At the appellate level, orders under both Rules 12(b)(6) and 56 are reviewed de novo. But the standards for deciding the motions are different, and those applied by the trial court were incongruous. See infra PP 12-18.

Beginning in or around 1951, Appellant was involved in a 38-year relationship with Decedent. The couple lived together in Guam. According to Appellant, she contributed a great deal of effort and money to the personal relationship and to joint business enterprises. In return, Decedent made many promises to her, and repeatedly assured her that she and her children would always be cared for, upon his death if not during his lifetime. The relationship ended in or around 1989, when Decedent moved to Saipan.

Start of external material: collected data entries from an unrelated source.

Definition glauber_law e J (t : nat) : config -> R :=
  iter t (fun d (y : config) => \sum_(x : config) d x * glauber e J x y)
    (fun y => if y == all_plus then 1 else 0).

Definition tv_dist (p q : config -> R) : R :=
  (\sum_(x : config) `|p x - q x|) / 2.

Definition mixed_plus e J (t : nat) : Prop :=
  tv_dist (glauber_law e J t) (ising_mu e J) <= 4^-1.

Definition is_tmix_plus e J (t : nat) : Prop :=
  mixed_plus e J t /\ (forall s, (s < t)%N -> ~ mixed_plus e J s).

End Ising.

From HB Require Import structures.
From mathcomp Require Import all_boot all_order all_algebra.
From mathcomp Require Import reals.
From mathcomp Require Import sequences exp.
From mathcomp Require polyrcf.
From mathcomp Require Import ring lra.
Import Order.TTheory GRing.Theory Num.Theory.
Local Open Scope ring_scope.

Set Implicit Arguments.
Unset Strict Implicit.
Unset Printing Implicit Defensive.

(* Heat-bath dynamics of a ferromagnet is monotone: the kernel P maps
   coordinatewise increasing functions to increasing ones.  By spin-flip
   symmetry P^t g(-) is the expectation of g o flip from the all-plus start,
   so when d_+(t) <= 1/4 the oscillation g(+) - g(-) of an increasing g is at
   least halved by P^t.  Let w be a left eigenvector of P for an eigenvalue
   lam in (0,1); then w sums to 0, and for z maximal in its support the
   indicator h of the up-set of z has <w, h> = w(z) <> 0.  Hence
   lam^(kt) |w(z)| = |<w, P^(kt) h>| <= |w|_1 2^-k for all k, forcing
   lam^t <= 1/2, i.e. t >= log 2 / (-log lam) >= log 2 * lam / (1 - lam). *)

(* [cu] stands for [u == v]: the left side is the gain of the u-w bond term
   when the spin at v is raised. *)
Lemma spin_upd_mono (R : realType) (cu cw a b a' b' : bool) :
  a ==> a' -> b ==> b' ->
  spin R (if cu then true else a) * spin R (if cw then true else b)
  - spin R (if cu then false else a) * spin R (if cw then false else b) <=
  spin R (if cu then true else a') * spin R (if cw then true else b')
  - spin R (if cu then false else a') * spin R (if cw then false else b').
Proof.
by case: cu cw a b a' b' => [] [] [] [] [] [] //= _ _; rewrite /spin; lra.
Qed.

Lemma mean2_le (R : realFieldType) (a b a' b' G H G' H' : R) :
  0 < a -> 0 < b -> 0 < a' -> 0 < b' -> a * b' <= a' * b ->
  H <= G -> G <= G' -> H <= H' -> H' <= G' ->
  (a * G + b * H) / (a + b) <= (a' * G' + b' * H') / (a' + b').
Proof.
move=> ha hb ha' hb' hab hGH hG hH hGH'.
rewrite ler_pdivrMr ?addr_gt0 // mulrAC ler_pdivlMr ?addr_gt0 //.
have h1 : 0 <= a * (a' + b') * (G' - G) by rewrite !mulr_ge0 // ?subr_ge0; lra.
have h2 : 0 <= b * (a' + b') * (H' - H) by rewrite !mulr_ge0 // ?subr_ge0; lra.
have h3 : 0 <= (a' * b - a * b') * (G' - H') by rewrite mulr_ge0 // subr_ge0.
nra.
Qed.

Lemma bernoulli_ineq (R : realFieldType) (q : R) k :
  1 <= q -> 1 + k%:R * (q - 1) <= q ^+ k.
Proof.
move=> hq; elim: k => [|k IH]; first by rewrite mul0r addr0 expr0.
rewrite exprS -natr1.
have hk : 0 <= k%:R :> R by apply: ler0n.
have : q * (1 + k%:R * (q - 1)) <= q * q ^+ k by apply: ler_wpM2l => //; lra.
have : 0 <= k%:R * (q - 1) * (q - 1) by rewrite !mulr_ge0 // subr_ge0.
nra.
Qed.

Lemma expr_bounded_le1 (R : archiRealFieldType) (q s C : R) :
  0 < s -> (forall k, q ^+ k * s <= C) -> q <= 1.
Proof.
move=> hs hb; rewrite leNgt; apply/negP => hq.
have hC : 0 <= C by apply: le_trans (hb 0%N); rewrite expr0 mul1r ltW.
have hsq : 0 < s * (q - 1) by rewrite mulr_gt0 // subr_gt0.
pose k := Num.Def.archi_bound (C / (s * (q - 1))).
have : C / (s * (q - 1)) < k%:R by rewrite archi_boundP // divr_ge0 // ltW.
rewrite ltr_pdivrMr //.
have := bernoulli_ineq k (ltW hq); have := hb k.
have : 0 <= k%:R :> R by apply: ler0n.
nra.
Qed.

Lemma ln2_mul_relax_le (R : realType) (L : R) t :
  0 < L -> L < 1 -> L ^+ t <= 2^-1 -> ln 2 * ((1 - L)^-1 - 1) <= t%:R.
Proof.
move=> L0 L1 hLt.
have hln2 : ln 2 <= t%:R * - ln L.
  rewrite mulrN lerNr mulr_natl -lnXn // -lnV ?posrE //.
  by rewrite ler_ln ?posrE ?exprn_gt0 // invr_gt0.
have hlnL : - ln L <= L^-1 - 1.
  rewrite -lnV ?posrE // -{1}[L^-1](subrK 1) addrC le_ln1Dx //.
  by move: L0; rewrite -invr_gt0; lra.
have -> : (1 - L)^-1 - 1 = L / (1 - L).
  by field; rewrite lt0r_neq0 // subr_gt0.
have hq : 0 <= L / (1 - L) by rewrite divr_ge0 ?subr_ge0 ?ltW.
have -> : t%:R = t%:R * (L^-1 - 1) * (L / (1 - L)).
  by field; rewrite !lt0r_neq0 ?subr_gt0.
apply: ler_wpM2r => //; apply: le_trans hln2 _.
by apply: ler_wpM2l => //; apply: ler0n.
Qed.

Lemma lambda2_root (R : realType) n (A : 'M[R]_n) :
  0 < lambda2 A -> root (char_poly A) (lambda2 A).
Proof.
rewrite /lambda2 /eigenvalues_desc.
set s := sort _ _.
case: (ltnP 1 (size s)) => hs; last by rewrite nth_default // ltxx.
move=> _; have := mem_nth 0 hs; rewrite mem_sort.
case/flattenP => l /mapP [x hx ->]; rewrite mem_nseq => /andP [_ /eqP ->].
by move: hx; apply: polyrcf.root_roots.
Qed.

Section Glauber.
Variables (R : realType) (V : finType) (e : rel V) (J : V -> V -> R).
Hypothesis V_gt0 : (0 < #|V|)%N.
Hypothesis J_ge0 : forall u v, e u v -> 0 <= J u v.

Local Notation config := (config V).
Local Notation mu := (ising_mu e J).
Local Notation P := (glauber e J).

Definition upd (x : config) v b : config := [ffun u => if u == v then b else x u].
Definition flip (x : config) : config := [ffun u => ~~ x u].
Definition all_minus : config := flip (all_plus V).

Definition config_le (x y : config) : bool := [forall u, x u ==> y u].
Definition config_incr (g : config -> R) : Prop := forall x y, config_le x y -> g x <= g y.

Definition glauber_op (g : config -> R) (x : config) : R := \sum_y P x y * g y.

Definition heat_bath_mean (g : config -> R) (x : config) v : R :=
  (mu (upd x v true) * g (upd x v true) + mu (upd x v false) * g (upd x v false))
  / (mu (upd x v true) + mu (upd x v false)).

Lemma ising_Z_gt0 : 0 < ising_Z e J.
Proof.
rewrite /ising_Z (bigD1 (all_plus V)) //= ltr_pwDl ?expR_gt0 //.
by rewrite sumr_ge0 // => s _; rewrite expR_ge0.
Qed.

Lemma ising_mu_gt0 s : 0 < mu s.
Proof. by rewrite /ising_mu divr_gt0 ?expR_gt0 ?ising_Z_gt0. Qed.

Lemma ising_mu_sum1 : \sum_y mu y = 1.
Proof. by rewrite /ising_mu -mulr_suml divff // gt_eqF // ising_Z_gt0. Qed.

Lemma agree_offE v x y :
  agree_off v x y = (y == upd x v true) || (y == upd x v false).
Proof.
apply/idP/idP => [/forallP agr | /orP[]/eqP ->]; last 2 first.
- by apply/forallP => u; apply/implyP => /negbTE uv; rewrite ffunE uv.
- by apply/forallP => u; apply/implyP => /negbTE uv; rewrite ffunE uv.
have yE : y = upd x v (y v).
  apply/ffunP => u; rewrite ffunE; case: eqP => [-> // | /eqP uv].
  by have /implyP/(_ uv)/eqP := agr u.
by rewrite [in y == _]yE [in y == upd _ _ false]yE; case: (y v); rewrite eqxx ?orbT.
Qed.

Lemma sum_agree_off v x (F : config -> R) :
  \sum_(t | agree_off v x t) F t = F (upd x v true) + F (upd x v false).
Proof.
have neq : upd x v false != upd x v true.
  by apply/eqP => /ffunP /(_ v); rewrite !ffunE eqxx.
rewrite (eq_bigl (fun t => (t == upd x v true) || (t == upd x v false)));
  last exact: agree_offE.
rewrite (bigD1 (upd x v true)) ?eqxx //=.
rewrite (bigD1 (upd x v false)) /= ?eqxx ?orbT ?neq // big1 ?addr0 //.
by move=> t /andP[/andP[/orP[]-> ]]; rewrite ?andbF.
Qed.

The two were never married to each other, and Appellant remained legally married to but separated from a third party throughout.

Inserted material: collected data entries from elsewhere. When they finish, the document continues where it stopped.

(* Let L u be the component of u in G - {s, t, a, b}.  If a' lies in L b', then L b'
   is a hub for the cycle a b t closed through another component D and s; otherwise
   s + D + L a' is a hub for the cycle a b t b'. *)
Lemma no_alternating_path4 a a' b b' :
  a \in Vs -> a' \in Vs -> b \in Vt -> b' \in Vt -> [disjoint Vs & Vt] ->
  a != a' -> b != b' -> e a b -> e a b' -> e b a' -> False.
Proof.
move=> aVs a'Vs bVt b'Vt dV aa' bb' eab eab' eba'.
have [sC tC] := poles_notin_C.
have neC x y : x \in C -> y \notin C -> x != y by move=> xC; apply: contraNneq => <-.
have neV x y : x \in Vs -> y \in Vt -> x != y.
  by move=> xs; apply: contraTneq => <-; rewrite (disjointFr dV xs).
move: (aVs) (a'Vs) (bVt) (b'Vt); rewrite !inE.
move=> /andP[aC esa] /andP[a'C esa'] /andP[bC etb] /andP[b'C etb'].
have [D cD [DC sD tD [ds dsD eds] [dt dtD edt]]] := other_component.
have notD x : x \in C -> x \notin D by move=> xC; apply: contraL xC => /(disjointFr DC) ->.
set X := [set s; t; a; b]; pose L := component_in e (~: X).
have LC u : u \in C -> L u \subset C.
  by move=> uC; apply: component_sub_C => //; apply/subsetP => y; rewrite !inE => ->.
have notL u y : y \in X -> y \notin L u.
  by move=> yX; apply/negP => /(subsetP (component_in_sub _ _ _)); rewrite inE yX.
have [aX bX tX] : [/\ a \in X, b \in X & t \in X] by rewrite !inE !eqxx ?orbT.
have inL u : u \in C -> u != a -> u != b -> u \in L u.
  move=> uC ua ub; apply: component_in_id.
  by rewrite !inE !negb_or ua ub !andbT neC ?neC.
have b'L1 : b' \in L b' by apply: inL => //; rewrite eq_sym // neV.
have a'L2 : a' \in L a' by apply: inL => //; [rewrite eq_sym | exact: neV].
have [ab bt a_t] : [/\ a != b, b != t & a != t].
  by split; [exact: neV | exact: neC | exact: neC].
have sD' : [set s] :|: D \subset ~: C.
  by apply/subsetP => y; rewrite !inE => /orP[/eqP->//|/(disjointFr DC)->].
have cSD : connected_on e ([set s] :|: D).
  by apply: (connected_onU e_sym (@connected_on1 _ e s) cD _ dsD eds); rewrite inE.
have hub p (K : {set T}) : gpath e a t p -> b \notin inner a p -> [disjoint inner a p & K] ->
    connected_on e K -> a \notin K -> b \notin K -> t \notin K ->
    (exists2 k, k \in K & e a k) -> (exists2 k, k \in K & e b k) ->
    (exists2 k, k \in K & e t k) -> False.
  move=> gp bp dpK cK aK bK tK na nb nt; apply: e_K4_free.
  by apply: (K4_of_cycle_hub e_sym eab _ ab bt a_t gp bp dpK cK aK bK tK na nb nt); rewrite e_sym.
case: (boolP (a' \in L b')) => a'L1.
- have [p [gp ipA]] : exists p, gpath e a t p /\ {subset inner a p <= [set s] :|: D}.
    apply: (gpath_through cSD _ _ a_t (k1 := s) _ _ (k2 := dt)); rewrite ?inE ?eqxx ?dtD ?orbT //.
    + by rewrite negb_or (neC _ _ aC sC) notD.
    + by rewrite negb_or eq_sym st_neq tD.
    + by rewrite e_sym.
    + by rewrite e_sym.
  have ipC : {subset inner a p <= ~: C} by move=> y /ipA /(subsetP sD').
  apply: (hub p (L b')) => //; rewrite ?notL //.
  + by apply: contraL bC => /ipC; rewrite inE => ->.
  + apply/pred0P => y /=; apply/negbTE/andP => -[/ipC + /(subsetP (LC _ b'C))].
    by rewrite inE => /negP.
  + exact: component_in_connected.
  + by exists b'.
  + by exists a'.
  + by exists b'; rewrite // e_sym.
have b'L2 : b' \notin L a'.
  by apply: contra a'L1; rewrite /L => /(component_in_eq e_sym) ->.
have b't : b' != t by apply: neC.
have cK : connected_on e ([set s] :|: D :|: L a').
  apply: (connected_onU e_sym cSD (@component_in_connected _ _ e_sym _ a') _ a'L2 esa').
  by rewrite !inE eqxx.
have notK x : x \in C -> x \in X -> x \notin [set s] :|: D :|: L a'.
  by move=> xC xX; rewrite !in_setU !negb_or in_set1 neC ?notD ?notL.
apply: (hub [:: b'; t] ([set s] :|: D :|: L a')) => //.
- rewrite /gpath /= eab' e_sym etb' eqxx /= !inE !negb_or b't a_t !andbT.
  exact: neV.
- by rewrite /inner /= mem_seq1.
- rewrite /inner /= disjoint_cons disjoint_has /= !in_setU !negb_or in_set1.
  by rewrite (neC _ _ b'C sC) (notD _ b'C) b'L2.
- exact: notK.
- exact: notK.
- by rewrite !in_setU !negb_or in_set1 eq_sym st_neq tD notL.
- by exists s; rewrite 1?e_sym // !inE eqxx.
- by exists a'; rewrite // inE a'L2 orbT.
- by exists dt; rewrite // !inE dtD orbT.
Qed.

Lemma pole_nbrs_disjoint : 1 < #|C| -> [disjoint Vs & Vt].
Proof.
move=> /card_gt1P[x [y [xC yC xy]]]; apply/pred0P => v /=; rewrite !inE.
apply/negbTE/negP => /andP[/andP[vC esv] /andP[_ etv]]; case/eqP: xy.
by rewrite (pole_common_nbr_eq vC esv etv xC) (pole_common_nbr_eq vC esv etv yC).
Qed.

Lemma Vs_independent : independent e Vs.
Proof.
apply: (nbrs_independent e_sym no_transitive_edge e_K4_free e_irr (w := t)).
  exact: poles_notin_C.2.
by rewrite eq_sym st_neq.
Qed.

Lemma Vt_independent : independent e Vt.
Proof.
apply: (nbrs_independent e_sym no_transitive_edge e_K4_free e_irr (w := s)).
  exact: poles_notin_C.1.
exact: st_neq.
Qed.

Hypothesis C_light : light e s t C.

Lemma pole_nbrs_cover : Vs :|: Vt = C.
Proof.
apply/setP => v; rewrite !inE -andb_orr; case vC: (v \in C) => //=.
by rewrite e_sym (e_sym t) C_light.
Qed.

Lemma pole_nbrs_single : 1 < #|C| -> (#|Vs| == 1) || (#|Vt| == 1).
Proof.
move=> C2; apply/contraT; rewrite negb_or => /andP[Vs1 Vt1].
have [[cs csC ecs] [ct ctC ect]] := C_adj_poles.
have gt1 (A : {set T}) x : x \in A -> #|A| != 1 -> 1 < #|A|.
  by move=> xA A1; rewrite ltn_neqAle eq_sym A1 card_gt0; apply/set0Pn; exists x.
have cV : connected_on e (Vs :|: Vt) by rewrite pole_nbrs_cover; apply: C_connected.
have [csVs ctVt] : cs \in Vs /\ ct \in Vt by rewrite !inE csC ctC ecs ect.
have [a [a' [b [b' [[aVs a'Vs bVt b'Vt] [aa' bb' eab eab' eba']]]]]] :=
  alternating_path4 e_sym cV (pole_nbrs_disjoint C2) Vs_independent Vt_independent
    (gt1 _ _ csVs Vs1) (gt1 _ _ ctVt Vt1).
by case: (no_alternating_path4 aVs a'Vs bVt b'Vt (pole_nbrs_disjoint C2) aa' bb' eab eab' eba').
Qed.

Lemma light_component_single : #|C| <= 1 -> exists w, [/\ C = [set w], e s w & e w t].
Proof.
move=> C1; have [[cs csC ecs] [ct ctC ect]] := C_adj_poles.
have Ccs : C = [set cs] by apply/esym/eqP; rewrite eqEcard sub1set csC cards1.
by exists cs; split=> //; move: ctC; rewrite Ccs inE => /eqP <-; rewrite e_sym.
Qed.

Decedent died in 1998; Appellant was not named as a beneficiary in his will.

Following a hearing on October 20, 1998, the CNMI trial court admitted Decedent's will to probate and appointed Decedent's eldest nephew, Joseph Lee Roberto, as Executor of the estate. On December 18, 1998, Executor placed a notice in the Marianas Variety to inform creditors that claims against Decedent had to be filed in the CNMI Superior Court within sixty days of first publication. The notice ran four times, the final being January 8, 1999.

Approximately nine months later, on September 24, 1999, Ms. Sablan filed a petition and claim against the estate in the CNMI court. She amended these filings on November 12, 1999.

Ms. Sablan also filed a parallel suit in the ancillary probate in the Guam Superior Court on the same day. As a matter of policy, we discourage such duplication.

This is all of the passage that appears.